Space weather poses an important but under-quantified threat to critical infrastructure, the economy, and society. While extreme geomagnetic storms are recognized as potential global catastrophes, their socio-economic impacts remain poorly quantified. Here we present a novel physics-engineering-economic framework that links geophysical drivers of geomagnetic storms to power grid geoelectric fields, transformer vulnerability, and macroeconomic consequences. Using the United States as an example, we estimate daily economic losses from transformer thermal heating of 1.37 billion USD (95 percent confidence interval: 1.16 to 1.58 billion USD) for a 100-year geomagnetic storm, with power outages affecting 4.1 million people and 101,000 businesses. A 250-year event could raise losses to 2.09 billion USD per day (95 percent confidence interval: 1.84 to 2.34 billion USD), disrupting power for more than 6 million people and 155,000 businesses. Crucially, the framework is scalable and transferable, offering a template for assessing space weather risk to critical infrastructure in other countries.

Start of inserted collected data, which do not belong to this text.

Lemma sum_ord_vanishing (G : nat -> F) m n : (m <= n)%N ->
  (forall a, (m <= a < n)%N -> G a = 0) -> \sum_(a < n) G a = \sum_(a < m) G a.
Proof.
move=> hmn h; rewrite -!(big_mkord xpredT) (big_cat_nat (leq0n m) hmn) /=.
rewrite [X in _ + X](_ : _ = 0) ?addr0 //.
by rewrite big_nat_cond; apply: big1 => a /andP [/h].
Qed.

Lemma approx_subst N f u v P U V : approx N f P -> approx N u U -> approx N v V ->
  u 0%N 0%N = 0 -> v 0%N 0%N = 0 -> approx N (pssubst f u v) (psubst P U V).
Proof.
move=> hf hu hv hu0 hv0 i j hij.
have oU := approx_ordge1 hu hu0; have oV := approx_ordge1 hv hv0.
pose G a b := P`_b`_a * (U ^+ a * V ^+ b)`_j`_i.
have hz a b : (i + j < a + b)%N -> G a b = 0.
  by move=> h; rewrite /G (ordge_monomial (a:=a) (b:=b) oU oV) ?mulr0.
set M := maxn (i + j).+1 (deg_bound P).
rewrite /pssubst (coef_psubst (n := M) _ _ _ _ (leq_maxr _ _)).
transitivity (\sum_(a < (i + j).+1) \sum_(b < (i + j).+1) G a b).
  apply: eq_bigr => a _; apply: eq_bigr => b _.
  rewrite (approx_mul (approx_pow a hu) (approx_pow b hv)) //.
  have [hab|hab] := leqP (a + b) (i + j); first by rewrite hf //; lia.
  by rewrite [RHS]hz // (ordge_monomial (a:=a) (b:=b) oU oV) ?mulr0.
rewrite [RHS]exchange_big /= (@sum_ord_vanishing (fun a => \sum_(b < M) G a b) (i + j).+1 M);
  [|exact: leq_maxl|by move=> a /andP [ha _]; apply: big1 => b _; apply: hz; lia].
apply: eq_bigr => a _; rewrite (@sum_ord_vanishing (G a) (i + j).+1 M) ?leq_maxl //.
by move=> b /andP [hb _]; apply: hz; have := ltn_ord a; lia.
Qed.

End Substitution.

Section FirstOrder.
Context {F : fieldType}.
Implicit Types (P R U V X Y : bpoly F).

Definition linear_part P : bpoly F := pC P`_0`_0 + pC P`_0`_1 * pX + pC P`_1`_0 * pY.

Lemma ordge_sub_linear_part P : ordge 2 (P - linear_part P).
Proof.
move=> i j h; rewrite !coefB !coefD !coef_pCM coef_pC coef_pX coef_pY.
case: i h => [|[|i]]; case: j => [|[|j]] //= h;
  rewrite ?mulr0 ?mulr1 ?addr0 ?add0r ?subrr //; lia.
Qed.

Lemma psubst_linear_part P U V :
  psubst (linear_part P) U V = pC P`_0`_0 + pC P`_0`_1 * U + pC P`_1`_0 * V.
Proof. by rewrite !psubstD !psubstM !psubst_pC psubst_pX psubst_pY. Qed.

Lemma psubst_split_linear P U V : psubst P U V =
  psubst (P - linear_part P) U V + (pC P`_0`_0 + pC P`_0`_1 * U + pC P`_1`_0 * V).
Proof. by rewrite -psubst_linear_part -psubstD subrK. Qed.

Lemma coef00_psubst P U V : ordge 1 U -> ordge 1 V -> (psubst P U V)`_0`_0 = P`_0`_0.
Proof.
move=> hU hV; rewrite psubst_split_linear !coefD (ordge_psubst (ordge_sub_linear_part P)) //.
by rewrite add0r !coef_pCM coef_pC hU // hV // !mulr0 !addr0.
Qed.

Lemma ordge_subX X X' K a : ordge 1 X -> ordge K (X' - X) -> (1 <= K)%N ->
  ordge (K + a - 1) (X' ^+ a - X ^+ a).
Proof.
move=> hX hd hK; elim: a => [|a IH]; first by rewrite !expr0 subrr; apply: ordge0.
have hX' : ordge 1 X' by rewrite -(subrK X X'); apply: ordgeD => //; apply: ordgeW hd.
rewrite (_ : X' ^+ a.+1 - X ^+ a.+1 = X' * (X' ^+ a - X ^+ a) + (X' - X) * X ^+ a);
  last by rewrite !exprS; ring.
apply: ordgeD; first by apply: ordgeW (ordgeM hX' IH); lia.
by apply: ordgeW (ordgeM hd (ordgeX (n:=a) hX)); lia.
Qed.

Lemma ordge_sub_monomial X X' Y Y' K a b : ordge 1 X -> ordge 1 Y ->
  ordge K (X' - X) -> ordge K (Y' - Y) -> (1 <= K)%N ->
  ordge (K + a + b - 1) (X' ^+ a * Y' ^+ b - X ^+ a * Y ^+ b).
Proof.
move=> hX hY hdX hdY hK.
have hY' : ordge 1 Y' by rewrite -(subrK Y Y'); apply: ordgeD => //; apply: ordgeW hdY.
rewrite (_ : _ - _ = (X' ^+ a - X ^+ a) * Y' ^+ b + X ^+ a * (Y' ^+ b - Y ^+ b)); last by ring.
apply: ordgeD.
  case: a => [|a]; first by rewrite !expr0 subrr mul0r; apply: ordge0.
  by apply: ordgeW (ordgeM (ordge_subX (a:=a.+1) hX hdX hK) (ordgeX (n:=b) hY')); lia.
case: b => [|b]; first by rewrite !expr0 subrr mulr0; apply: ordge0.
by apply: ordgeW (ordgeM (ordgeX (n:=a) hX) (ordge_subX (a:=b.+1) hY hdY hK)); lia.
Qed.

Lemma ordge_psubst_sub R U V U' V' K : ordge 2 R -> ordge 1 U -> ordge 1 V ->
  ordge K (U' - U) -> ordge K (V' - V) -> (1 <= K)%N ->
  ordge K.+1 (psubst R U' V' - psubst R U V).
Proof.
move=> hR hU hV hdU hdV hK.
rewrite !(psubst_expand (n := deg_bound R)) // -sumrB; apply: ordge_sum => b _.
rewrite -sumrB; apply: ordge_sum => a _; rewrite -mulrBr.
have [hab|hab] := ltnP (a + b) 2; first by rewrite hR // pC0 mul0r; apply: ordge0.
by apply: ordgeMl; apply: ordgeW (ordge_sub_monomial (a:=a) (b:=b) hU hV hdU hdV hK); lia.
Qed.

Lemma psubst_taylor1 P U V U' V' K : ordge 1 U -> ordge 1 V ->
  ordge K (U' - U) -> ordge K (V' - V) -> (1 <= K)%N ->
  ordge K.+1 (psubst P U' V' - psubst P U V - (pC P`_0`_1 * (U' - U) + pC P`_1`_0 * (V' - V))).
Proof.
move=> hU hV hdU hdV hK.
rewrite !(psubst_split_linear P) (_ : _ - _ - _ =
  psubst (P - linear_part P) U' V' - psubst (P - linear_part P) U V); last by ring.
exact: ordge_psubst_sub (ordge_sub_linear_part P) hU hV hdU hdV hK.
Qed.

Lemma pssubst_linear_coef (f u v : ps F) : u 0%N 0%N = 0 -> v 0%N 0%N = 0 ->
  [/\ pssubst f u v 0%N 0%N = f 0%N 0%N,
      pssubst f u v 1%N 0%N = f 1%N 0%N * u 1%N 0%N + f 0%N 1%N * v 1%N 0%N &
      pssubst f u v 0%N 1%N = f 1%N 0%N * u 0%N 1%N + f 0%N 1%N * v 0%N 1%N].
Proof.
move=> hu0 hv0.
have tf := approx_trunc (N := 1) f; have tu := approx_trunc (N := 1) u.
have tv := approx_trunc (N := 1) v.
have hs := approx_subst tf tu tv hu0 hv0.
have hl := ordge_sub_linear_part (ps_trunc 1 f).
have hl' := ordge_psubst hl (approx_ordge1 tu hu0) (approx_ordge1 tv hv0).
rewrite psubstB psubst_linear_part in hl'.
have c i j : (i + j <= 1)%N -> pssubst f u v i j =
    (pC (ps_trunc 1 f)`_0`_0 + pC (ps_trunc 1 f)`_0`_1 * ps_trunc 1 u
     + pC (ps_trunc 1 f)`_1`_0 * ps_trunc 1 v)`_j`_i.
  by move=> h; rewrite hs //; apply/eqP; rewrite -subr_eq0 -!coefB; apply/eqP; apply: hl'.
by split; rewrite c // !coefD !coef_pCM coef_pC /= -tu // -tv // ?hu0 ?hv0 -?tf //; ring.
Qed.

End FirstOrder.

Lemma ps_eq_approx (F : fieldType) (f g : ps F) :
  (forall N, exists P Q, approx N f P /\ approx N g Q /\ P = Q) -> f = g.
Proof.
move=> h; apply: ps_ext => N; have [P [Q [hP [hQ ePQ]]]] := h N.
by exists P; split; last rewrite ePQ.
Qed.

Ltac approx_step := first [ apply: approx_add | apply: approx_mul | apply: approx_C
  | apply: approx_scale | apply: approx_mono | apply: approx_subst | apply: approx_trunc ].

(* Reduces an identity between power series built from psadd, psmul, pssubst, ...
   to the corresponding identity between their polynomial truncations. *)
Ltac ps_poly_eq := apply: ps_eq_approx => ?; do 2 eexists;
  split; [repeat approx_step | split; [repeat approx_step | ]].

Ltac psubst_simpl :=
  rewrite ?psubstD ?psubstX ?psubstM ?psubst_pC ?psubst_pX ?psubst_pY ?pC0 ?pC1.

Section ContactAlgebra.
Context {F : fieldType}.
Implicit Types (f u v : ps F) (U V W : mat2 F).

Definition matsubst U u v : mat2 F :=
  Mat2 (pssubst (m11 U) u v) (pssubst (m12 U) u v) (pssubst (m21 U) u v) (pssubst (m22 U) u v).

Lemma matmulA U V W : matmul (matmul U V) W = matmul U (matmul V W).
Proof. by rewrite /matmul /=; congr Mat2; ps_poly_eq; ring. Qed.

Lemma matmul1l U : matmul (mat1 F) U = U.
Proof.
by case: U => a b c d; rewrite /matmul /=; congr Mat2; ps_poly_eq; rewrite ?pC0 ?pC1; ring.
Qed.

Lemma matappM U V (fs : ps2 F) : matapp U (matapp V fs) = matapp (matmul U V) fs.
Proof. by case: fs => f1 f2; rewrite /matapp /=; congr pair; ps_poly_eq; ring. Qed.

Lemma matapp1 (fs : ps2 F) : matapp (mat1 F) fs = fs.
Proof.
by case: fs => f1 f2; rewrite /matapp /=; congr pair; ps_poly_eq; rewrite ?pC0 ?pC1; ring.
Qed.

Lemma subst2_matapp U (fs : ps2 F) u v : u 0%N 0%N = 0 -> v 0%N 0%N = 0 ->
  subst2 (matapp U fs) u v = matapp (matsubst U u v) (subst2 fs u v).
Proof.
by move=> hu hv; case: fs => f1 f2; rewrite /subst2 /=; congr pair; ps_poly_eq; psubst_simpl.
Qed.

Lemma matsubstM U V u v : u 0%N 0%N = 0 -> v 0%N 0%N = 0 ->
  matsubst (matmul U V) u v = matmul (matsubst U u v) (matsubst V u v).
Proof. by move=> hu hv; rewrite /matsubst /=; congr Mat2; ps_poly_eq; psubst_simpl. Qed.

Lemma matsubst1 u v : u 0%N 0%N = 0 -> v 0%N 0%N = 0 -> matsubst (mat1 F) u v = mat1 F.
Proof. by move=> hu hv; rewrite /matsubst /=; congr Mat2; ps_poly_eq; psubst_simpl. Qed.

Lemma pssubst_comp f u v (u' v' : ps F) : u 0%N 0%N = 0 -> v 0%N 0%N = 0 ->
  u' 0%N 0%N = 0 -> v' 0%N 0%N = 0 ->
  pssubst (pssubst f u v) u' v' = pssubst f (pssubst u u' v') (pssubst v u' v').
Proof.
move=> hu hv hu' hv'.
have [hu2 _ _] := pssubst_linear_coef u hu' hv'; have [hv2 _ _] := pssubst_linear_coef v hu' hv'.
rewrite hu in hu2; rewrite hv in hv2.
by ps_poly_eq; rewrite ?psubst_comp.
Qed.

Lemma subst2_comp (fs : ps2 F) u v (u' v' : ps F) : u 0%N 0%N = 0 -> v 0%N 0%N = 0 ->
  u' 0%N 0%N = 0 -> v' 0%N 0%N = 0 ->
  subst2 (subst2 fs u v) u' v' = subst2 fs (pssubst u u' v') (pssubst v u' v').
Proof. by move=> *; rewrite /subst2 /= !pssubst_comp. Qed.

Lemma pssubst_id f : pssubst f (psmono F 1 0) (psmono F 0 1) = f.
Proof. by ps_poly_eq; rewrite ?expr1 ?expr0 ?mulr1 ?mul1r ?psubst_id. Qed.

Lemma GL2_mul U V : GL2 U -> GL2 V -> GL2 (matmul U V).
Proof.
move=> [U' [hUU' hU'U]] [V' [hVV' hV'V]]; exists (matmul V' U'); split.
  by rewrite matmulA -(matmulA V) hVV' matmul1l.
by rewrite matmulA -(matmulA U') hU'U matmul1l.
Qed.

Lemma GL2_subst U u v : u 0%N 0%N = 0 -> v 0%N 0%N = 0 -> GL2 U -> GL2 (matsubst U u v).
Proof.
by move=> hu hv [U' [h1 h2]]; exists (matsubst U' u v); rewrite -!matsubstM // h1 h2 matsubst1.
Qed.

(* The Jacobian determinant at 0 is multiplicative under composition. *)
Lemma coord_change_comp u v (u' v' : ps F) : coord_change u v -> coord_change u' v' ->
  coord_change (pssubst u u' v') (pssubst v u' v').
Proof.
move=> [hu [hv hd]] [hu' [hv' hd']].
have [a1 a2 a3] := pssubst_linear_coef u hu' hv'.
have [b1 b2 b3] := pssubst_linear_coef v hu' hv'.
split; first by rewrite a1.
split; first by rewrite b1.
rewrite a2 a3 b2 b3 (_ : _ - _ = (u 1%N 0%N * v 0%N 1%N - u 0%N 1%N * v 1%N 0%N) *
  (u' 1%N 0%N * v' 0%N 1%N - u' 0%N 1%N * v' 1%N 0%N)); last by ring.
exact: mulf_neq0.
Qed.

This integrative approach provides the first end-to-end quantification of space weather socio-economic impacts, bridging space physics through to policy-relevant metrics. Our results demonstrate that coupled socio-economic modeling of space weather is both feasible and essential, enabling evidence-based decision making in infrastructure protection and global risk management.

Paper Structure

This paper contains 12 sections, 17 equations, 17 figures, 2 tables.

Figures (17)

  • Figure 1: Graphical overview of the physics--engineering--economic coupling framework. The modules and data flows illustrated show how geophysical drivers are connected to socio-economic impacts through hazard characterization, engineering grid modeling, reliability assessment, and economic impact evaluation.

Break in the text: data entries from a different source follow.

Lemma card_subseq_ball_weighted (R : realFieldType) (p : R) a :
  (r <= n)%N -> 0 <= p <= 1 -> p * #|T|%:R <= #|T|%:R - 1 ->
  #|subseq_ball a|%:R * ((1 - p) ^+ (n - r) * p ^+ r) ^+ 2 <= (#|T|%:R - 1) ^+ r.
Proof.
move=> rn p01 pT; case/andP: (p01) => p0 p1.
set w := (1 - p) ^+ (n - r) * p ^+ r; set Q := #|T|%:R - 1.
have w0 : 0 <= w by rewrite mulr_ge0 ?exprn_ge0 ?subr_ge0.
have Q0 : 0 <= Q by apply: le_trans pT; rewrite mulr_ge0.
have ball_w : #|subseq_ball a|%:R * w <= 'C(n, r)%:R * Q ^+ r.
  have := card_subseq_ball a; rewrite -(ler_nat R) => /(ler_wpM2r w0) /le_trans; apply.
  rewrite natr_sum mulr_suml.
  apply: le_trans (_ : \sum_(s : (n - r).-tuple T) (subseq s a)%:R * Q ^+ r <= _).
    apply: ler_sum => s _; rewrite natrM -mulrA ler_wpM2l //.
    have := nsupseq_weighted_le (n := n) (u := s) p01 pT.
    by rewrite size_tuple subKn //; apply; apply: leq_subr.
  rewrite -mulr_suml -natr_sum ler_wpM2r ?exprn_ge0 // ler_nat.
  by rewrite -(bin_sub rn); have := nsubseq_le_bin (n - r) a; rewrite size_tuple.
rewrite expr2 mulrA; apply: le_trans (ler_wpM2r w0 ball_w) _.
rewrite mulrAC -[X in _ <= X]mul1r ler_wpM2r ?exprn_ge0 //.
exact: bin_weighted_le1.
Qed.

End SubseqBall.

Section GilbertVarshamov.
Variables (R : realType) (q n : nat) (d : R).
Implicit Types (a b w : n.-tuple 'I_q) (C : {set n.-tuple 'I_q}).

Lemma min_insdel_dist_geU1 C w : min_insdel_dist_ge C d ->
  (forall c, c \in C -> d <= (insdel_dist c w)%:R /\ d <= (insdel_dist w c)%:R)%R ->
  min_insdel_dist_ge (w |: C) d.
Proof.
move=> /forall_inP codeC far.
apply/forall_inP => a /setU1P[-> | aC]; apply/forall_inP => b /setU1P[-> | bC];
  apply/implyP => ab.
- by rewrite eqxx in ab.
- exact: (far b bC).2.
- exact: (far a aC).1.
- by move/forall_inP: (codeC a aC) => /(_ b bC) /implyP; apply.
Qed.

Lemma A_insdel_covering (B : n.-tuple 'I_q -> {set n.-tuple 'I_q}) :
  (forall a, a \in B a) -> (forall a b, (b \in B a) = (a \in B b)) ->
  (forall a b, (insdel_dist a b)%:R < d -> b \in B a)%R ->
  q ^ n <= A_insdel q n d * \max_a #|B a|.
Proof.
move=> Brefl Bsym Bdist.
pose code := [pred C : {set n.-tuple 'I_q} | min_insdel_dist_ge C d].
have code0 : code finset.set0 by apply/forall_inP => a; rewrite inE.
have [|C codeC AE] := @eq_bigmax_cond _ code (fun C => #|C|).
  by apply/card_gt0P; exists finset.set0.
rewrite /A_insdel AE.
have cover w : exists2 c, c \in C & w \in B c.
  apply/exists_inP; apply: contraT; rewrite negb_exists_in => /forall_inP farC.
  have wC : w \notin C by apply/negP => wC; have := farC w wC; rewrite Brefl.
  have codeU : code (w |: C).
    apply: min_insdel_dist_geU1 codeC _ => c cC.
    rewrite !leNgt; split; apply/negP => /Bdist; last rewrite Bsym; exact/negP/farC.
  by have := @leq_bigmax_cond _ code (fun C => #|C|) _ codeU; rewrite AE cardsU1 wC ltnn.
have -> : q ^ n = \sum_(w : n.-tuple 'I_q) 1 by rewrite sum1_card card_tuple card_ord.
apply: (@leq_trans (\sum_(w : n.-tuple 'I_q) \sum_(c in C) (w \in B c))).
  by apply: leq_sum => w _; have [c cC wc] := cover w; rewrite (bigD1 c) //= wc.
rewrite exchange_big -sum_nat_const; apply: leq_sum => c _.
apply: leq_trans (leq_bigmax c); rewrite -sum1_card.
by rewrite [X in _ <= X]big_mkcond; apply: leq_sum => w _; case: (w \in B c).
Qed.

End GilbertVarshamov.

Local Open Scope ring_scope.

Lemma ler_mul_dist1 (R : realDomainType) (x y z : R) :
  `|x - y| <= 1 -> x * z <= y * z + `|z|.
Proof.
move=> xy; rewrite -lerBlDl -mulrBl; apply: le_trans (ler_norm _) _.
by rewrite normrM ler_piMl.
Qed.

Lemma subr1_le_mul_ln (R : realType) (x : R) : 0 < x -> x - 1 <= x * ln x.
Proof.
move=> x0; have xV0 : 0 < x^-1 by rewrite invr_gt0.
have := @le_ln1Dx R (x^-1 - 1); rewrite addrCA subrr addr0 lnV ?posrE //.
move=> /(_ ltac:(lra)) /(ler_wpM2l (ltW x0)).
by rewrite mulrBr mulfV ?gt_eqF // mulr1 mulrN; lra.
Qed.

Lemma ln_mul_logq (R : realType) q (x : R) : (1 < q)%N -> ln q%:R * logq q x = ln x.
Proof. by move=> q1; rewrite /logq mulrC divfK // gt_eqF // ln_gt0 // ltr1n. Qed.

Lemma ln_mul_Hq (R : realType) q (x : R) : (1 < q)%N -> 0 < x < 1 ->
  ln q%:R * Hq q x = x * ln (q%:R - 1) - x * ln x - (1 - x) * ln (1 - x).
Proof.
move=> q1 x01; rewrite /Hq x01 /logq; field.
by rewrite gt_eqF // ln_gt0 // ltr1n.
Qed.

Lemma Hq_le_mul_Hq (R : realType) q (x : R) : (1 < q)%N -> 0 < x < 1 ->
  Hq q x <= (1 + x) * Hq q (x / (1 + x)).
Proof.
move=> q1 x01; case/andP: (x01) => x0 x1.
have lq : 0 < ln q%:R :> R by rewrite ln_gt0 // ltr1n.
have x'01 : 0 < x / (1 + x) < 1 by rewrite divr_gt0 ?ltr_pdivrMr /=; lra.
rewrite -(ler_pM2l lq) mulrCA !ln_mul_Hq // ln_div ?posrE; try lra.
have -> : 1 - x / (1 + x) = (1 + x)^-1 by field; lra.
rewrite lnV ?posrE; last lra.
have -> : (1 + x) * (x / (1 + x) * ln (q%:R - 1) - x / (1 + x) * (ln x - ln (1 + x))
            - (1 + x)^-1 * - ln (1 + x))
        = x * ln (q%:R - 1) - x * ln x + (1 + x) * ln (1 + x) by field; lra.
have := subr1_le_mul_ln (_ : 0 < 1 + x); have := subr1_le_mul_ln (_ : 0 < 1 - x).
lra.
Qed.

Section LimnEinf.
Local Open Scope classical_set_scope.
Local Open Scope ereal_scope.

Lemma limn_einf_ge_cvg (R : realType) (u v : (\bar R)^nat) (l : \bar R) :
  v @ \oo --> l -> (\forall n \near \oo, v n <= u n) -> l <= limn_einf u.
Proof.
move=> vl [N _ vuN]; rewrite -(cvg_limn_einf_sup vl).1 !limn_einf_lim.
apply: lee_lim; [exact: is_cvg_einfs | exact: is_cvg_einfs |].
near=> n; apply: le_ereal_inf_tmp => _ [k /= nk <-].
apply: (@le_trans _ _ (v k)); first by apply: ereal_inf_lbound; exists k.
by apply: vuN; apply: leq_trans nk; near: n; exists N.
Unshelve. all: by end_near.
Qed.

End LimnEinf.

Definition insdel_gv_rate (R : realType) q (delta : R) :=
  1 + delta * logq q (q%:R - 1) - 2 * Hq q delta.

Section RateBound.
Variables (R : realType) (q : nat) (delta : R).
Hypotheses (q2 : (2 <= q)%N) (delta_gt0 : 0 < delta)
  (delta_le : delta <= (q%:R - 1) / q%:R).

Lemma delta_mulq_le : delta * q%:R <= q%:R - 1.
Proof. by rewrite -ler_pdivlMr // ltr0n (leq_trans _ q2). Qed.

Lemma delta_lt1 : delta < 1.
Proof.
apply: le_lt_trans delta_le _; rewrite ltr_pdivrMr ?ltr0n ?(leq_trans _ q2) //.
lra.
Qed.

  • Figure 2: Geospatial EHV network model constructed from OpenStreetMap and HIFLD data. Extra-high-voltage transmission network ($\geq$161 kV) for the contiguous United States showing substations and transmission lines used in the risk modeling framework outlined in Figure \ref{['fig:framework']}.
  • Figure 3: Extreme-value geoelectric field maps and induced transmission-line voltages for different return periods. Spatial distribution of peak geoelectric fields and corresponding induced voltages across the contiguous United States for 100-year, 150-year, and 250-year return period scenarios, with comparison to the recent severe "Gannon" storm for reference.

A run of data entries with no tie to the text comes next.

(* With $C$, $C^0=C\setminus C(\mathbb F_{p^2})$ and $\mathrm{End}(t)=\{A\in\mathrm{Mat}_3(\mathbb F_{p^2}):A\cdot t\in k\cdot t\}$ for $t\in C^0(k)$ (viewed as a column vector), one has \[\{t\in C^0(k):\mathrm{End}(t)\simeq\mathbb F_{p^6}\}=C^0(\mathbb F_{p^6}).\]
   Context: $k$ is algebraically closed of characteristic $p$ and $C\subset\mathbb P^2$ is the Fermat curve $X_1^{p+1}+X_2^{p+1}+X_3^{p+1}=0$. *)

From HB Require Import structures.
From mathcomp Require Import all_boot all_order all_algebra.
Set Implicit Arguments. Unset Strict Implicit. Unset Printing Implicit Defensive.
Import GRing.Theory.
Local Open Scope ring_scope.

Definition in_Fq (k : fieldType) (q : nat) (x : k) : Prop := x ^+ q = x.

(* A point of P^2(k) is represented by a nonzero column vector t (up to scaling).
   It is F_q-rational iff some nonzero multiple of t has all coordinates in F_q. *)
Definition rat_pt (k : fieldType) (q : nat) (t : 'cV[k]_3) : Prop :=
  exists c : k, c != 0 /\ forall i : 'I_3, in_Fq q (c * t i ord0).

Definition on_fermat (k : fieldType) (p : nat) (t : 'cV[k]_3) : Prop :=
  \sum_(i < 3) (t i ord0) ^+ p.+1 = 0.

Definition in_End (k : fieldType) (p : nat) (t : 'cV[k]_3) (A : 'M[k]_3) : Prop :=
  (forall i j : 'I_3, in_Fq (p ^ 2)%N (A i j)) /\ exists c : k, A *m t = c *: t.

Definition End_iso_Fp6 (k : fieldType) (p : nat) (t : 'cV[k]_3) : Prop :=
  exists (F : finFieldType) (f : F -> 'M[k]_3),
    #|F| = (p ^ 6)%N /\
    f 1 = 1 /\
    (forall x y, f (x + y) = f x + f y) /\
    (forall x y, f (x * y) = f x * f y) /\
    injective f /\
    (forall A, in_End p t A <-> exists x, f x = A).

(* An element of F_(p^6) outside F_(p^2) acts on a point t with End(t) ~ F_(p^6)
   through a matrix A over F_(p^2) with t as eigenvector, for an eigenvalue c of
   degree 3 over F_(p^2).  Since A commutes with the coordinatewise Frobenius
   t |-> t^(p^2), the conjugates t, t^(p^2), t^(p^4) are eigenvectors for the
   distinct eigenvalues c, c^(p^2), c^(p^4), so every eigenspace of A is a line;
   t^(p^6), an eigenvector for c^(p^6) = c, is therefore proportional to t, which
   makes t rational over F_(p^6).
   Conversely, if s is an F_(p^6)-rational point of the curve that is not
   F_(p^2)-rational, then s, s^(p^2), s^(p^4) form a basis, and End(s) consists
   exactly of the matrices acting on this frame by x, x^(p^2), x^(p^4) for x in
   the subfield F_(p^6) of k. *)

From HB Require Import structures.
From mathcomp Require Import all_boot all_order all_algebra all_field.
From mathcomp Require Import ring zify.
Set Implicit Arguments. Unset Strict Implicit. Unset Printing Implicit Defensive.
Import GRing.Theory.
Local Open Scope ring_scope.

(* The characteristic hypothesis is an argument so that [frob hp n] carries a
   canonical ring morphism structure, as [pFrobenius_aut] does. *)
Definition frob (k : fieldType) (p : nat) of p \in [pchar k] :=
  fun n (x : k) => x ^+ (p ^ n).

Section IteratedFrobenius.
Variables (k : fieldType) (p : nat) (hp : p \in [pchar k]).
Local Notation frob := (frob hp).
Local Notation "A ^[ n ]" := (map_mx (frob n) A) (at level 2, format "A ^[ n ]").

Lemma pexpn_gt0 n : (0 < p ^ n)%N.
Proof. by rewrite expn_gt0 prime_gt0 ?(pcharf_prime hp). Qed.

Lemma pexpn_gt1 n : (0 < n)%N -> (1 < p ^ n)%N.
Proof. by move=> n_gt0; rewrite -(expn0 p) ltn_exp2l ?prime_gt1 ?(pcharf_prime hp). Qed.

  • Figure 4: Estimated substation probability of failure under modeled GIC scenarios. Figures a--d show the spatial distribution of transformer failure probability across the contiguous United States for different geomagnetic storm return periods. Failure probabilities are computed using the fragility-based reliability model described in the Supplementary Materials (see Method \ref{['method:reliability-math-app']}). Vulnerability hotspots (locations exceeding 50% failure probability) are concentrated in regions with high ground conductivity and complex network topology, particularly in Wisconsin, Minnesota, the Upper Midwest, and coastal areas of the Northeast.
  • Figure 5: Socio-economic impacts versus return period: affected businesses, population, direct losses, and total losses. Results show systematic increases across all impact metrics with storm severity.